SSL プロトコルは暗号化です。ベースのセキュリティ プロトコルですが、適切に構成されていない場合はセキュリティの脆弱性が発生する可能性があります。安全な SSL 構成に関する推奨事項をいくつか示します。

• SSLv2 および SSLv3 プロトコルは安全ではないことが証明されているため、無効にします。
• TLSv1.0 および TLSv1.1 プロトコルの場合、RC4 暗号化と弱い暗号スイートを無効にする必要があります。
• AES 暗号スイートを使用してセキュリティを強化します。
• フルモードの TLS 暗号化を有効にすると、セキュリティが向上します。

2.2 安全な SSL 証明書

SSL 証明書は、Web アプリケーションの最も重要なセキュリティ コンポーネントの 1 つであり、クライアントとの通信を暗号化するために使用されます。

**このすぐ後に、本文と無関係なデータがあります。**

(* For every integer $n\ge 7$, the wheel $W_{1,n}$ satisfies $$\dim_{n\ell}(W_{1,n})=\left\lfloor \frac{2n}{5}\right\rfloor.$$
   Context: The wheel $W_{1,n}=K_1+C_n$ is obtained from the cycle $C_n$ by adding one vertex (the center) adjacent to all cycle vertices. $d(u,v)$ is the shortest-path distance. A set $X$ of vertices resolves two vertices $u,v$ if some $x\in X$ satisfies $d(u,x)\neq d(v,x)$. $X$ is a nonlocal resolving set if it resolves every pair of distinct non-adjacent vertices; the nonlocal metric dimension $\dim_{n\ell}$ is the minimum size of a nonlocal resolving set. *)

From mathcomp Require Import all_boot all_order.
Set Implicit Arguments. Unset Strict Implicit. Unset Printing Implicit Defensive.

Definition ball (T : finType) (e : rel T) (k : nat) (u : T) : {set T} :=
  iter k (fun S : {set T} => S :|: [set y | [exists x in S, e x y]]) [set u].

(* Shortest-path distance: least k with v within k steps of u (k < #|T|
   always suffices when v is reachable; unreachable pairs get #|T|, which
   never happens for connected graphs such as wheels). *)
Definition gdist (T : finType) (e : rel T) (u v : T) : nat :=
  find (fun k => v \in ball e k u) (iota 0 #|T|).

Definition resolves (T : finType) (e : rel T) (X : {set T}) (u v : T) : Prop :=
  exists2 x, x \in X & gdist e u x != gdist e v x.

Definition nonlocal_resolving (T : finType) (e : rel T) (X : {set T}) : Prop :=
  forall u v : T, u != v -> ~~ e u v -> resolves e X u v.

Definition is_nl_dim (T : finType) (e : rel T) (d : nat) : Prop :=
  (exists X : {set T}, nonlocal_resolving e X /\ #|X| = d) /\
  (forall X : {set T}, nonlocal_resolving e X -> d <= #|X|).

(* Wheel W_{1,n}: vertices option 'I_n, None is the center,
   Some i are the cycle vertices 0..n-1, with i ~ i+1 (mod n). *)
Definition cyc_adj (n : nat) (i j : 'I_n) : bool :=
  (j == (i.+1 %% n) :> nat) || (i == (j.+1 %% n) :> nat).

Definition wheel_adj (n : nat) : rel (option 'I_n) := fun u v =>
  match u, v with
  | None, None => false
  | None, Some _ | Some _, None => true
  | Some i, Some j => (i != j) && cyc_adj i j
  end.

From mathcomp Require Import all_boot all_order zify.
Set Implicit Arguments. Unset Strict Implicit. Unset Printing Implicit Defensive.

(* On the wheel any two vertices are at distance 0, 1 or 2 and the centre is at
   distance 1 from every other vertex, so a set resolves all non-adjacent pairs iff
   its part P on the rim separates any two distinct non-adjacent rim vertices
   outside P by their sets of neighbours in P (their traces).
   Lower bound: vertices outside P with empty trace are pairwise adjacent, hence at
   most two of them; vertices with a one-element trace are determined by it, hence
   at most |P| of them. Summing, over all rim vertices i, the inequality
     2 <= 2[i in P] + 2[empty trace] + [one-element trace] + [i+1 in P] + [i-1 in P]
   gives 2n <= 5|P| + 4, i.e. floor(2n/5) <= |P|.
   Upper bound: writing n = 5q + r, take the vertices 5t and 5t+2 (t < q), plus
   n-2 when r >= 3. Every chosen vertex has another one at distance two along the
   rim, which forces equal traces to come from equal vertices unless the trace is
   empty, and only the two adjacent vertices 5q-1 and 5q can have an empty trace. *)

Lemma val_ordS n (x : 'I_n) :
  (x.+1 < n /\ ordS x = x.+1 :> nat) \/ (x.+1 = n /\ ordS x = 0 :> nat).
Proof.
rewrite /=; case: (ltngtP x.+1 n) => h; [left | have := ltn_ord x; lia | right].
  by rewrite modn_small.
by rewrite h modnn.
Qed.

Lemma val_ord_pred n (x : 'I_n) :
  (0 < x /\ ord_pred x = x.-1 :> nat) \/ (x = 0 :> nat /\ ord_pred x = n.-1 :> nat).
Proof.
rewrite /=; have := ltn_ord x; case: (nat_of_ord x) => [|k] h /=.
  by right; rewrite add0n modn_small //; lia.
by left; rewrite modnDr modn_small //; lia.
Qed.

(* Reduces a goal about neighbours on the cycle ['I_n] to linear arithmetic on
   the values of [ordS]/[ord_pred], which [val_ordS]/[val_ord_pred] describe. *)
Ltac cycle_lia a :=
  rewrite -?(inj_eq (@ord_inj _));
  repeat match goal with
  | |- context [nat_of_ord (@ordS ?m ?x)] =>
      move: (val_ordS x); generalize (nat_of_ord (@ordS m x))
  | |- context [nat_of_ord (@ord_pred ?m ?x)] =>
      move: (val_ord_pred x); generalize (nat_of_ord (@ord_pred m x))
  end; move: (ltn_ord a); lia.

Section Cycle.
Variable n : nat.
Implicit Types a i j : 'I_n.

Lemma cyc_adjE i j : cyc_adj i j = (j == ordS i) || (j == ord_pred i).
Proof.
rewrite /cyc_adj; congr (_ || _); apply/eqP/eqP => [ij | ->].
  by rewrite (@val_inj _ _ _ i (ordS j)) ?ordSK.
exact: esym (congr1 val (ord_predK i)).
Qed.

Lemma cyc_adjC i j : cyc_adj i j = cyc_adj j i.
Proof. by rewrite /cyc_adj orbC. Qed.

Hypothesis n_gt4 : 4 < n.

Lemma cyc_adj_irr i : cyc_adj i i = false.
Proof. by apply/negbTE; rewrite cyc_adjE negb_or; cycle_lia i. Qed.

Lemma ordS_neq_pred a : ordS a != ord_pred a.
Proof. cycle_lia a. Qed.

Lemma cyc_nadj_ordS_pred a : ~~ cyc_adj (ordS a) (ord_pred a).
Proof. rewrite cyc_adjE negb_or; cycle_lia a. Qed.

Lemma cyc_nadj_ordS3 a : ~~ cyc_adj a (ordS (ordS (ordS a))).
Proof. rewrite cyc_adjE negb_or; cycle_lia a. Qed.

Lemma cyc_nadj_pred3 a : ~~ cyc_adj a (ord_pred (ord_pred (ord_pred a))).
Proof. rewrite cyc_adjE negb_or; cycle_lia a. Qed.

Lemma cyc_nadj_ordS2_pred a : ~~ cyc_adj (ordS (ordS a)) (ord_pred a).
Proof. rewrite cyc_adjE negb_or; cycle_lia a. Qed.

Lemma card_cyc_clique (A : {set 'I_n}) :
  {in A &, forall b c, (b == c) || cyc_adj b c} -> #|A| <= 2.
Proof.
move=> clA; have [->|[a aA]] := set_0Vmem A; first by rewrite cards0.
have nbr b : b \in A -> [|| b == a, b == ordS a | b == ord_pred a].
  by move=> bA; have := clA a b aA bA; rewrite cyc_adjE [a == b]eq_sym.
have le2 c : #|[set a; c]| <= 2 by rewrite cards2 ltnS leq_b1.
have [SA|SnA] := boolP (ordS a \in A).
  apply: (leq_trans _ (le2 (ordS a))); apply/subset_leq_card/subsetP => b bA.
  rewrite !inE; case/or3P: (nbr b bA) => [->|->|/eqP bP]; rewrite ?orbT //.
  have := clA _ _ SA bA.
  by rewrite bP (negbTE (ordS_neq_pred _)) (negbTE (cyc_nadj_ordS_pred _)).
apply: (leq_trans _ (le2 (ord_pred a))); apply/subset_leq_card/subsetP => b bA.
rewrite !inE; case/or3P: (nbr b bA) => [->|/eqP bS|->]; rewrite ?orbT //.
by rewrite -bS bA in SnA.
Qed.

End Cycle.

Section WheelDistance.
Variable n : nat.
Notation e := (@wheel_adj n).

Lemma in_ball1 u v : (v \in ball e 1 u) = (v == u) || e u v.
Proof.
rewrite /ball /= !inE; congr (_ || _); apply/existsP/idP => [[x /andP[]]|euv].
  by rewrite inE => /eqP ->.
by exists u; rewrite inE eqxx.
Qed.

Lemma in_ball2 u v : v \in ball e 2 u.
Proof.
rewrite [ball e 2 u]/= -/(ball e 1 u) in_setU in_ball1 inE.
case: v => [j|]; last by case: u => [i|] /=; rewrite ?eqxx ?orbT.
by apply/orP; right; apply/existsP; exists None; rewrite in_ball1 /=; case: u.
Qed.

Lemma wheel_gdist u v : 1 < n ->
  gdist e u v = if v == u then 0 else if e u v then 1 else 2.
Proof.
move=> n_gt1; rewrite /gdist card_option card_ord.
have -> : n.+1 = (n - 2).+3 by lia.
rewrite /= inE -/(ball e 1 u) -/(ball e 2 u) in_ball1 in_ball2.
by case: (v == u) => //=; case: (e u v).
Qed.

End WheelDistance.

Definition cyc_resolving n (P : pred 'I_n) : Prop :=
  forall a b, a != b -> ~~ cyc_adj a b -> ~~ P a -> ~~ P b ->
  exists2 y, P y & cyc_adj a y != cyc_adj b y.

Definition isolated n (P : pred 'I_n) (i : 'I_n) : bool :=
  [&& ~~ P i, ~~ P (ordS i) & ~~ P (ord_pred i)].

Lemma isolated_nadj n (P : pred 'I_n) (i y : 'I_n) : isolated P i -> P y -> cyc_adj i y = false.
Proof.
case/and3P=> _ PS Pp Py; rewrite cyc_adjE.
by apply/negbTE/norP; split; apply: contraTneq Py => ->.
Qed.

Section Resolving.
Variable n : nat.
Hypothesis n_gt4 : 4 < n.
Notation e := (@wheel_adj n).
Implicit Types (P : pred 'I_n) (a b i y : 'I_n).

Lemma wheel_adj_Some i j : e (Some i) (Some j) = cyc_adj i j.
Proof. by rewrite /=; case: eqVneq => [->|//]; rewrite cyc_adj_irr. Qed.

Lemma cyc_resolvingP P :
  cyc_resolving P <->
  (forall a b, ~~ P a -> ~~ P b -> {in P, cyc_adj a =1 cyc_adj b} -> (a == b) || cyc_adj a b).
Proof.
split=> [HP a b Pa Pb tr_ab | HP a b ab nab Pa Pb].
  by apply/contraT => /norP[ab nab]; have [y /tr_ab ->] := HP a b ab nab Pa Pb; rewrite eqxx.
apply/exists_inP/contraT => /exists_inPn tr_ab.
suff: (a == b) || cyc_adj a b by rewrite (negbTE ab) (negbTE nab).
by apply: HP => // y /tr_ab /negPn /eqP.
Qed.

Lemma cyc_resolving_of_nl X : nonlocal_resolving e X -> cyc_resolving (fun i => Some i \in X).
Proof.
move=> HX a b ab nab Pa Pb; have n_gt1 : 1 < n by lia.
have [||[y|] yX] := HX (Some a) (Some b); rewrite ?wheel_adj_Some // !wheel_gdist //.
have ya : y != a by apply: contraNneq Pa => <-.
have yb : y != b by apply: contraNneq Pb => <-.
rewrite !wheel_adj_Some !(inj_eq (@Some_inj _)) (negbTE ya) (negbTE yb) => dist_ab.
by exists y => //; move: dist_ab; case: (cyc_adj a y); case: (cyc_adj b y).
Qed.

Lemma nl_of_cyc_resolving P : cyc_resolving P -> nonlocal_resolving e (Some @: [set i | P i]).
Proof.
move=> HP [a|] [b|] //= ab; rewrite ab /= => nab; have n_gt1 : 1 < n by lia.
have inX i : (Some i \in Some @: [set i | P i]) = P i.
  by rewrite mem_imset ?inE //; exact: Some_inj.
have dist0 i j : i != j -> gdist e (Some i) (Some i) != gdist e (Some j) (Some i).
  by move=> ij; rewrite !wheel_gdist // eqxx (inj_eq (@Some_inj _)) (negbTE ij); case: e.
case Pa: (P a); first by exists (Some a); rewrite ?inX ?dist0.
case Pb: (P b); first by exists (Some b); rewrite ?inX // eq_sym dist0 // eq_sym.
have [y Py tr_ab] := HP a b ab nab (negbT Pa) (negbT Pb).
have ya : y != a by apply: contraFneq Pa => <-.
have yb : y != b by apply: contraFneq Pb => <-.
exists (Some y); rewrite ?inX // !wheel_gdist // !wheel_adj_Some !(inj_eq (@Some_inj _)).
by rewrite (negbTE ya) (negbTE yb); move: tr_ab; case: (cyc_adj a y); case: (cyc_adj b y).
Qed.

End Resolving.

Section LowerBound.
Variables (n : nat) (P : pred 'I_n).
Hypotheses (n_gt4 : 4 < n) (P_res : cyc_resolving P).
Implicit Types a b i y : 'I_n.

Lemma card_isolated : #|[set i | isolated P i]| <= 2.
Proof.
apply: card_cyc_clique => // a b; rewrite !inE => Ia Ib.
apply: (cyc_resolvingP P).1 => //; [by case/and3P: Ia | by case/and3P: Ib |].
by move=> y Py; rewrite (isolated_nadj Ia Py) (isolated_nadj Ib Py).
Qed.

以下に、安全な証明書構成の推奨事項をいくつか示します。

• CA 署名付き証明書を使用して、証明書の信頼性と信頼性を確保します。
• 証明書の有効期間を長くして (おそらく 2 ～ 3 年)、証明書の交換回数を減らします。
• 自己署名証明書の使用は、安全でない接続につながる可能性があるため禁止されています。

2.3 HTTP Strict Transport Security (HSTS) の構成

HSTS は、HTTP を使用した Web サイトへのアクセスが禁止されていることをクライアントに通知することで、HTTPS アクセスを保証するセキュリティ メカニズムです。次の構成を HTTPS Server ブロックに追加して、クライアント ブラウザーで HSTS を有効にします。

add_header Strict-Transport-Security "max-age=31536000; includeSubDomains; preload";

2.4 OCSP Stapling の有効化

OCSP Stapling は、クライアントが OCSP 要求を CA サーバーに送信する必要をなくす安全な TLS ハンドシェイク プロトコルです。次の構成を追加して、OCSP Stapling を有効にします。

ssl_stapling on;
ssl_stapling_verify on;
resolver <DNS SERVER>;

上記の設定により、OCSP Stapling が有効になり、OCSP Stapling の検証が有効になります。 OCSP Stapling を使用するには、DNS サーバーのアドレスを指定し、DNS サーバーが OCSP をサポートしていることを確認する必要があります。

結論

Nginx は、HTTPS プロトコルと複数のセキュリティ最適化設定をサポートする人気のある Web サーバーです。この記事では、Nginx の HTTPS パフォーマンスとセキュリティ設定に関する推奨事項をいくつか紹介します。これらの設定を使用すると、サイトのセキュリティを強化し、サイトのパフォーマンスを向上させることができます。この記事がお役に立てば幸いです。

以上がNginx の HTTPS パフォーマンスの最適化とセキュリティ設定の詳細内容です。詳細については、PHP 中国語 Web サイトの他の関連記事を参照してください。